◆ PROBLEM DETAILS ◆
Read through the lines below and copy the ones holding the string "change".

──────

Section GeneratorFormulas.
Variables (C : numFieldType) (A T : algType C) (t : nat -> nat -> A) (c : A -> C).
Variables (tens : A -> A -> T) (Y : A -> int -> T) (idc : T -> A) (idD : T -> T).
Variable s3 : C.
Hypothesis tens_lin : forall a, islin (tens a).
Hypotheses (c1 : c 1 = 1) (c_t : forall a b, c (t a b) = 0).
Hypotheses (idc_lin : islin idc) (idc_tens : forall a b, idc (tens a b) = c b *: a).
Hypothesis Yhom : laurent_alg_hom Y.
Hypothesis Y_t0n : forall (n : nat) (k : int),
  Y (t 0%N n) k =
    (if k == 0 then tens 1 (t 0%N n) else 0)
    + (if (0 <= k) && (k <= n%:Z)
       then 'C(n, n - absz k)%:R *: tens (t 0%N (n - absz k)%N) 1 else 0).
Hypothesis Y_t20 : forall k : int,
  Y (t 2%N 0%N) k =
    (if k == 0 then tens 1 (t 2%N 0%N) + tens (t 2%N 0%N) 1 else 0)
    + (2%:R * s3) *:
        \sum_(m < (absz k).+1) \sum_(n < (absz k).+1)
          (if (m + n + 2)%N%:Z + k == 0
           then t20_coef C m n *: tens (t 0%N n) (t 0%N m) else 0).
Hypothesis idD_lin : islin idD.
Hypothesis idD_tens : forall a b, idD (tens a b) = tens a (Dstar idc Y b).

Lemma idcY_t20 k : idc (Y (t 2%N 0%N) k) = if k == 0 then t 2%N 0%N else 0.
Proof.
rewrite Y_t20 !(islinD idc_lin) (islin_if idc_lin) (islinD idc_lin) !idc_tens c_t c1.
rewrite scale0r add0r scale1r (islinZ idc_lin) (islin_sum idc_lin).
rewrite big1 ?scaler0 ?addr0 //.
move=> m _; rewrite (islin_sum idc_lin) big1 // => n _.
by rewrite (islin_if idc_lin) (islinZ idc_lin) idc_tens c_t scale0r scaler0 if_same.
Qed.

Lemma idcY_t0n n k : idc (Y (t 0%N n) k) =
  if (0 <= k) && (k <= n%:Z) then 'C(n, n - absz k)%:R *: t 0%N (n - absz k)%N else 0.
Proof.
rewrite Y_t0n (islinD idc_lin) !(islin_if idc_lin) (islinZ idc_lin) !idc_tens c_t c1.
by rewrite scale0r scale1r if_same add0r.
Qed.

Lemma counital_t20 : counital Y idc (t 2%N 0%N).
Proof. by split=> [k k_neg|]; rewrite idcY_t20 // ifF //; apply/eqP; lia. Qed.

Lemma counital_t0n n : counital Y idc (t 0%N n).
Proof.
split=> [k k_neg|]; first by rewrite idcY_t0n ifF //; lia.
by rewrite idcY_t0n /= subn0 binn scale1r.
Qed.

Lemma Dstar_t20 : Dstar idc Y (t 2%N 0%N) = 0.
Proof. by rewrite /Dstar idcY_t20. Qed.

Lemma Dstar_t0n n : Dstar idc Y (t 0%N n) = n%:R *: t 0%N n.-1.
Proof.
rewrite /Dstar idcY_t0n; case: n => [|n] /=; first by rewrite scale0r.
by rewrite subn1 /= binSn.
Qed.

Lemma deriv_identity_t0n n : deriv_identity Y idc idD (t 0%N n).
Proof.
move=> k; rewrite Dstar_t0n YZ // !Y_t0n (islinD idD_lin) !(islin_if idD_lin).
rewrite (islinZ idD_lin) !idD_tens (Dstar1 Yhom idc_lin) Dstar_t0n islin0 // scaler0.
rewrite if_same addr0 (islinZ (tens_lin 1)) [in RHS]scalerDr.
rewrite [n%:R *: (if k == 0 then _ else _)]fun_if scaler0 addrAC subrr add0r.
case: k => [j|[|K]].
- have -> : Posz j + 1 = Posz j.+1 by lia.
  rewrite add0r; case: n => [|n].
    by rewrite scale0r (_ : (0 <= Posz j.+1 <= Posz 0) = false) // scaler0.
  rewrite (@if_cond _ (j <= n)%N) // (@if_cond _ (j <= n)%N) //.
  case: leqP => le_jn; last by rewrite !scaler0.
  rewrite subSS !scalerA; congr (_ *: _).
  rewrite -[(Posz j.+1)%:~R]/(j.+1%:R) -!natrM (bin_sub le_jn) -subSS.
  by rewrite (@bin_sub n.+1 j.+1) // mul_bin_diag mulnC.
- by rewrite scale0r (_ : (0 <= Negz 0) && _ = false) // scaler0.
have -> : Negz K.+1 + 1 = Negz K by rewrite !NegzE; lia.
by rewrite (_ : (0 <= Negz K) && _ = false) // addr0 !scaler0.
Qed.

(* Id (x) Dstar only sees the second tensor factor t_{0,m} of Y(w) t_{2,0}. *)
Lemma idD_Y_t20 k :
  idD (Y (t 2%N 0%N) k) =
  (2%:R * s3) *:
    \sum_(m < (absz k).+1) \sum_(n < (absz k).+1)
      (if (m + n + 2)%N%:Z + k == 0
       then t20_coef C m n *: tens (t 0%N n) (m%:R *: t 0%N m.-1) else 0).
Proof.
rewrite Y_t20 (islinD idD_lin) (islin_if idD_lin) (islinD idD_lin) !idD_tens.
rewrite Dstar_t20 (Dstar1 Yhom idc_lin) !(islin0 (tens_lin _)) addr0 if_same add0r.
rewrite (islinZ idD_lin) (islin_sum idD_lin); congr (_ *: _); apply: eq_bigr => m _.
rewrite (islin_sum idD_lin); apply: eq_bigr => n _.
by rewrite (islin_if idD_lin) (islinZ idD_lin) idD_tens Dstar_t0n.
Qed.

(* The coefficient of w^{-K-1} of the derivative of the t_{0,n} (x) t_{0,m}
   part of Y(w) t_{2,0}, after reindexing m -> m + 1. *)
Lemma t20_sum_shift (K : nat) :
  K.+1%:R *:
    \sum_(m < K.+2) \sum_(n < K.+2)
      (if (m + n + 2)%N%:Z + Negz K == 0
       then t20_coef C m n *: tens (t 0%N n) (t 0%N m) else 0) =
  \sum_(m < K.+3) \sum_(n < K.+3)
    (if (m + n + 2)%N%:Z + Negz K.+1 == 0
     then t20_coef C m n *: tens (t 0%N n) (m%:R *: t 0%N m.-1) else 0).
Proof.
rewrite [RHS]big_ord_recl [in RHS]big1 ?add0r; last first.
  by move=> n _; rewrite /= scale0r (islin0 (tens_lin _)) scaler0 if_same.
rewrite scaler_sumr; apply: eq_bigr => m _; rewrite scaler_sumr [RHS]big_ord_recr /=.
rewrite [X in _ = _ + X](@if_cond _ false) ?addr0; last first.
  by apply/eqP => h; have : (m.+1 + K.+2 + 2)%N%:Z - K.+2%:Z = 0 := h; lia.
apply: eq_bigr => n _; rewrite (@if_cond _ (m + n + 1 == K)%N); last first.
  by apply/eqP/eqP => h; [have : (m + n + 2)%N%:Z - K.+1%:Z = 0 := h | 
                          change ((m + n + 2)%N%:Z - K.+1%:Z = 0)]; lia.
rewrite [RHS](@if_cond _ (m + n + 1 == K)%N); last first.
  by apply/eqP/eqP => h; [have : (m.+1 + n + 2)%N%:Z - K.+2%:Z = 0 := h |
                          change ((m.+1 + n + 2)%N%:Z - K.+2%:Z = 0)]; lia.
case: eqP => [mnK|_]; last by rewrite scaler0.
rewrite /bump /= add1n (islinZ (tens_lin _)) !scalerA; congr (_ *: _).
by rewrite [RHS]mulrC t20_coef_succ; congr (_%:R * _); lia.
Qed.

Lemma deriv_identity_t20 : deriv_identity Y idc idD (t 2%N 0%N).
Proof.
move=> k; rewrite Dstar_t20 Y0 // sub0r Y_t20 idD_Y_t20.
case: k => [j|[|K]].
- have -> : Posz j + 1 = Posz j.+1 by lia.
  rewrite add0r !big1 ?scaler0 ?oppr0 // => m _; apply: big1 => n _;
    by rewrite ifF //; apply/eqP; lia.
- rewrite scale0r big1 ?scaler0 ?oppr0 // => m _; apply: big1 => n _.
  by rewrite ifF //; apply/eqP => h; have : (m + n + 2)%N%:Z - 1 = 0 := h; lia.
have -> : Negz K.+1 + 1 = Negz K by rewrite !NegzE; lia.
rewrite add0r -[(Negz K)%:~R]/(- K.+1%:R) scaleNr; congr (- _).
by rewrite scalerA mulrC -[LHS]scalerA t20_sum_shift.
Qed.

(* Since A is generated by t_{2,0} and the t_{0,n}, the generic closure
   properties propagate everything from the generators to all of A. *)
Hypothesis gen : forall x, gen_by t x.
Hypotheses (idc1 : idc 1 = 1) (idcM : forall u v, idc (u * v) = idc u * idc v).

Lemma counital_all x : counital Y idc x.
Proof.
elim: (gen x) => [|n||a y _ cy|y z _ cy _ cz|y z _ cy _ cz].
- exact: counital_t20.
- exact: counital_t0n.
- exact: counital1.
- exact: counitalZ.
- exact: counitalD.
- exact: counitalM.
Qed.

Lemma Dstar_der x y : Dstar idc Y (x * y) = Dstar idc Y x * y + x * Dstar idc Y y.
Proof. exact (Dstar_mul Yhom idc_lin idcM (counital_all x) (counital_all y)). Qed.

Lemma Dstar_t :
  (forall a b, comm (t 2%N 0%N) (t a b) = (2 * b)%:R *: t a.+1 b.-1) ->
  forall a b, Dstar idc Y (t a b) = b%:R *: t a b.-1.
Proof.
move=> t20_comm; apply: derivation_t t20_comm (Dstar_lin Yhom idc_lin) Dstar_der _ _.
  exact: Dstar_t20.
exact: Dstar_t0n.
Qed.

Lemma deriv_identity_all :
  (forall u v, idD (u * v) = idD u * v + u * idD v) ->
  forall v, deriv_identity Y idc idD v.
Proof.
move=> idD_der v; elim: (gen v) => [|n||a y _ hy|y z _ hy _ hz|y z _ hy _ hz].
- exact: deriv_identity_t20.
- exact: deriv_identity_t0n.
- exact: deriv_identity1.
- exact: deriv_identityZ.
- exact: deriv_identityD.
- exact: deriv_identityM (counital_all y) (counital_all z) hy hz.
Qed.

End GeneratorFormulas.

Unset Implicit Arguments. Set Strict Implicit. Set Printing Implicit Defensive.
Local Open Scope complex_scope.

──────

◆ FINISHED EXERCISE ◆
                          change ((m + n + 2)%N%:Z - K.+1%:Z = 0)]; lia.
                          change ((m.+1 + n + 2)%N%:Z - K.+2%:Z = 0)]; lia.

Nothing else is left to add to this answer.